Records drawn from a dataset
--

(* Let $\psi:\mathbb{R}\to\mathbb{R}$ satisfy $|\psi(x)|\leq C(1+|x|)^{-1-\varepsilon}$ for all $x\in\mathbb{R}$, for some constants $C,\varepsilon>0$. Let $\{a_I:I\in\mathcal{D}\}$ be independent random variables on $(\Omega,\mathscr{F},\mathscr{P})$ with $a_I\in\mathscr{G}(\nu)$ for every $I$, for some fixed $\nu>0$, and with $\sum_{I\in\mathcal{D}}\mathscr{E}|a_I|<\infty$. Then for every $x\neq y$ in $\mathbb{R}$, the series $$K(x,y;\omega)=\sum_{I\in\mathcal{D}}a_I(\omega)\psi_I(x)\psi_I(y)$$ converges for $\mathscr{P}$-almost every $\omega\in\Omega$.
   Context: $\mathcal{D}=\bigcup_{j\in\mathbb{Z}}\mathcal{D}^j$ is the family of dyadic intervals of $\mathbb{R}$, $\mathcal{D}^j=\{I^j_k=[k2^{-j},(k+1)2^{-j}):k\in\mathbb{Z}\}$. For $I=I^j_k$, $\psi_I(x)=2^{j/2}\psi(2^jx-k)$. For an integrable random variable $X$, $\eta_{X-\mathscr{E}X}(\lambda)=\log \mathscr{E}e^{\lambda(X-\mathscr{E}X)}$, and $X\in\mathscr{G}(\nu)$ means $X$ is integrable and $\eta_{X-\mathscr{E}X}(\lambda)\leq \lambda^2\nu/2$ for all $\lambda\in\mathbb{R}$. (The series is understood along any fixed enumeration of $\mathcal{D}$.) *)

From HB Require Import structures.
From mathcomp Require Import all_boot all_order all_algebra.
From mathcomp Require Import all_classical all_reals all_analysis.
Set Implicit Arguments. Unset Strict Implicit. Unset Printing Implicit Defensive.
Import Order.TTheory GRing.Theory Num.Theory.
Local Open Scope classical_set_scope.
Local Open Scope ring_scope.

(* Dyadic intervals I^j_k = [k 2^-j, (k+1) 2^-j) are indexed by (j,k) : int * int. *)
Definition dyadic := (int * int)%type.

Definition psiI {R : realType} (psi : R -> R) (I : dyadic) (x : R) : R :=
  (2 : R) `^ ((I.1)%:~R / 2) * psi ((2 : R) `^ ((I.1)%:~R) * x - (I.2)%:~R).

Definition mutually_independent {d} {T : measurableType d} {R : realType}
  (P : probability T R) (I : eqType) (X : I -> T -> R) : Prop :=
  forall (s : seq I) (B : I -> set R),
    uniq s -> (forall i, i \in s -> measurable (B i)) ->
    P (\big[setI/setT]_(i <- s) (X i @^-1` B i)) =
    (\prod_(i <- s) P (X i @^-1` B i))%E.

(* X \in G(nu): X integrable and eta_{X - E X}(lambda) <= lambda^2 nu / 2 for all
   real lambda, where eta_Y(lambda) = log E e^{lambda Y}; stated equivalently
   (log is increasing) as E e^{lambda (X - E X)} <= exp(lambda^2 nu / 2). *)
Definition subgaussian {d} {T : measurableType d} {R : realType}
  (P : probability T R) (nu : R) (X : T -> R) : Prop :=
  P.-integrable setT (EFin \o X) /\
  forall lambda : R,
    ('E_P[fun w => expR (lambda * (X w - fine 'E_P[X]))] <=
     (expR (lambda ^+ 2 * nu / 2))%:E)%E.

(* The series in fact converges ABSOLUTELY almost surely. From the decay |psi u| <= C (1+|u|)^(-1-eps) we get |psi u| (1+|u|) <= C,
      and since |(2^j x - k) - (2^j y - k)| = 2^j |x - y| this yields the bound
      |psi_I(x) psi_I(y)| <= C^2 / |x - y|, uniform in the dyadic interval I.
   2. By monotone convergence, sum_n E|a_(e n)| < oo (the hypothesis, reindexed
      along the enumeration e) means that the nonnegative random variable
      sum_n |a_(e n)| has finite expectation, hence is finite almost surely.
   3. A series whose terms are an absolutely summable sequence times a bounded
      sequence converges.
   The theorem combines 1-3 pointwise on the almost sure event of 2. *)
From HB Require Import structures.
From mathcomp Require Import all_boot all_order all_algebra.
From mathcomp Require Import all_classical all_reals all_analysis.
From mathcomp Require Import ring lra measurable_realfun.
Set Implicit Arguments. Unset Strict Implicit.
Import Order.TTheory GRing.Theory Num.Theory numFieldNormedType.Exports.
Local Open Scope classical_set_scope.
Local Open Scope ring_scope.

Lemma decay_mul_bound (R : realType) (psi : R -> R) (C eps : R) :
  0 < eps -> (forall x : R, `|psi x| <= C * (1 + `|x|) `^ (- 1 - eps)) ->
  forall u, `|psi u| * (1 + `|u|) <= C.
Proof.
move=> eps_gt0 decay u.
have ge1 : 1 <= 1 + `|u| by rewrite lerDl.
have gt0 : 0 < 1 + `|u| by apply: lt_le_trans ge1.
have pow_le_inv : (1 + `|u|) `^ (- 1 - eps) <= (1 + `|u|)^-1.
  by rewrite -(powR_inv1 (ltW gt0)); apply: (ler_powR ge1); lra.
have C_ge0 : 0 <= C.
  have : 0 <= C * (1 + `|u|) `^ (-1 - eps) by apply: le_trans (decay u).
  by rewrite pmulr_lge0 // powR_gt0.
rewrite -ler_pdivlMr // mulrC; apply: le_trans (decay u) _.
by rewrite [X in _ <= X]mulrC; apply: ler_wpM2l.
Qed.

(* Writing
   u = 2^j x - k, v = 2^j y - k one has psi_I(x) psi_I(y) = 2^j psi u psi v
   and 2^j |x - y| = |u - v| <= (1+|u|)(1+|v|). *)
Lemma psiI_product_bound (R : realType) (psi : R -> R) (C : R) (x y : R) :
  (forall u, `|psi u| * (1 + `|u|) <= C) -> x != y ->
  forall I : dyadic, `|psiI psi I x * psiI psi I y| <= C ^+ 2 / `|x - y|.
Proof.
move=> decay xy [j k]; rewrite /psiI /=.
set s := (2 : R) `^ (j%:~R / 2); set t := (2 : R) `^ j%:~R.
have ss : s * s = t.
  rewrite /s /t -powRD; last by rewrite pnatr_eq0 implybT.
  by congr (_ `^ _); field.
have t_gt0 : 0 < t by rewrite powR_gt0.
have dxy_gt0 : 0 < `|x - y| by rewrite normr_gt0 subr_eq0.
set u := t * x - k%:~R; set v := t * y - k%:~R.
have -> : s * psi u * (s * psi v) = t * (psi u * psi v) by rewrite -ss; ring.
rewrite normrM (gtr0_norm t_gt0) normrM ler_pdivlMr //.
have scale : t * `|x - y| = `|u - v|.
  have -> : u - v = t * (x - y) by rewrite /u /v; ring.
  by rewrite normrM gtr0_norm.
have uv_le : t * `|x - y| <= (1 + `|u|) * (1 + `|v|).
  have := ler_normB u v; have := normr_ge0 u; have := normr_ge0 v.
  rewrite scale; nra.
have pu := normr_ge0 (psi u); have pv := normr_ge0 (psi v).
have prod_le : (`|psi u| * (1 + `|u|)) * (`|psi v| * (1 + `|v|)) <= C * C.
  apply: ler_pM => //; apply: mulr_ge0 => //; rewrite addr_ge0.
rewrite expr2; apply: le_trans prod_le.
have -> : t * (`|psi u| * `|psi v|) * `|x - y| =
          `|psi u| * `|psi v| * (t * `|x - y|) by ring.
have -> : `|psi u| * (1 + `|u|) * (`|psi v| * (1 + `|v|)) =
          `|psi u| * `|psi v| * ((1 + `|u|) * (1 + `|v|)) by ring.
by have := ler_wpM2l (mulr_ge0 pu pv) uv_le.
Qed.

(* If the integrals of |f n| are summable, then sum_n |f n| is finite almost
   everywhere: by monotone convergence its integral is the sum of the
   integrals, and an integrable function is finite a.e. *)
Lemma ae_summable_abs d (T : measurableType d) (R : realType)
    (mu : {measure set T -> \bar R}) (f : nat -> T -> R) :
  (forall n, measurable_fun [set: T] (f n)) ->
  (\sum_(n <oo) \int[mu]_w (`|f n w|)%:E < +oo)%E ->
  {ae mu, forall w, (\sum_(n <oo) (`|f n w|)%:E < +oo)%E}.
Proof.
move=> mf summable.
pose F w := (\sum_(n <oo) (`|f n w|)%:E)%E.
have mabs n : measurable_fun [set: T] (fun w => (`|f n w|)%:E).
  by apply: measurableT_comp => //; apply: measurableT_comp.
have F_ge0 w : (0 <= F w)%E by apply: nneseries_ge0 => n _; rewrite lee_fin.
have intF : mu.-integrable setT F.
  apply/integrableP; split.
    by apply: (@ge0_emeasurable_sum _ T R setT (fun n w => (`|f n w|)%:E) xpredT).
  under eq_integral => w _ do rewrite gee0_abs //.
  by rewrite /F integral_nneseries.
apply: filterS (integrable_ae measurableT intF) => w /(_ I) F_fin.
by rewrite -ge0_fin_numE; [exact: F_fin | exact: F_ge0].
Qed.

Lemma esum_expectation_enum d (T : measurableType d) (R : realType)
    (P : probability T R) (X : dyadic -> T -> R) (e : nat -> dyadic) :
  bijective e ->
  (\esum_(I in [set: dyadic]) 'E_P[fun w => `|X I w|%R] =
   \sum_(n <oo) \int[P]_w (`|X (e n) w|)%:E)%E.
Proof.
move=> be; rewrite (reindex_esum setT setT e) ?setTT_bijective //.
rewrite -nneseries_esumT; last first.
  by move=> n; rewrite unlock; apply: integral_ge0 => w _; rewrite lee_fin.
by under eq_eseriesr do rewrite expectation.unlock.
Qed.

Lemma cvg_series_weighted (R : realType) (u c : nat -> R) (M : R) :
  (forall n, `|c n| <= M) -> (\sum_(n <oo) (`|u n|)%:E < +oo)%E ->
  cvgn (series (fun n => u n * c n)).
Proof.
move=> c_le summable.
have M_ge0 : 0 <= M by apply: le_trans (c_le 0%N).
apply: normed_cvg; apply: nondecreasing_is_cvgn.
  by apply: nondecreasing_series => n _ _; apply: normr_ge0.
have sum_ge0 : (0 <= \sum_(n <oo) (`|u n|)%:E)%E.
  by apply: nneseries_ge0 => n _; rewrite lee_fin.
exists (M * fine (\sum_(n <oo) (`|u n|)%:E)%E) => _ [n _ <-].
apply: (@le_trans _ _ (\sum_(0 <= k < n) M * `|u k|)).
  by apply: ler_sum => k _ /=; rewrite normrM mulrC ler_wpM2r.
rewrite -mulr_sumr ler_wpM2l // -lee_fin fineK ?ge0_fin_numE //.
by rewrite -sumEFin; apply: nneseries_lim_ge.
Qed.

Theorem theorem3p1 (d : measure_display) (T : measurableType d) (R : realType)
  (P : probability T R) (psi : R -> R) (C eps nu : R)
  (a : dyadic -> {RV P >-> R}) :
  0 < C -> 0 < eps ->
  (forall x : R, `|psi x| <= C * (1 + `|x|) `^ (- 1 - eps)) ->
  mutually_independent P (fun I => (a I : T -> R)) ->
  0 < nu ->
  (forall I, subgaussian P nu (a I)) ->
  (\esum_(I in [set: dyadic]) 'E_P[fun w => `|a I w|%R] < +oo)%E ->
  forall (e : nat -> dyadic), bijective e ->
  forall x y : R, x != y ->
  {ae P, forall w, cvgn (series (fun n => a (e n) w * psiI psi (e n) x * psiI psi (e n) y))}.
Proof.
move=> _ eps_gt0 decay _ _ _ summable e be x y xy.
have weight_bound := psiI_product_bound (decay_mul_bound eps_gt0 decay) xy.
rewrite (esum_expectation_enum P (fun I => a I) be) in summable.
have mf : forall n, measurable_fun [set: T] (a (e n)) by [].
apply: filterS (ae_summable_abs mf summable) => w abs_summable.
rewrite (_ : (fun n => _) =
             fun n => a (e n) w * (psiI psi (e n) x * psiI psi (e n) y)).
  exact: cvg_series_weighted (fun n => weight_bound (e n)) abs_summable.
by apply/funext => n; rewrite mulrA.
Qed.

--

PROBLEM REQUIREMENTS :: Please return all lines above in which the string "surely" is found.

OUTPUT OF THE TASK ::
(* The series in fact converges ABSOLUTELY almost surely. From the decay |psi u| <= C (1+|u|)^(-1-eps) we get |psi u| (1+|u|) <= C,
      sum_n |a_(e n)| has finite expectation, hence is finite almost surely.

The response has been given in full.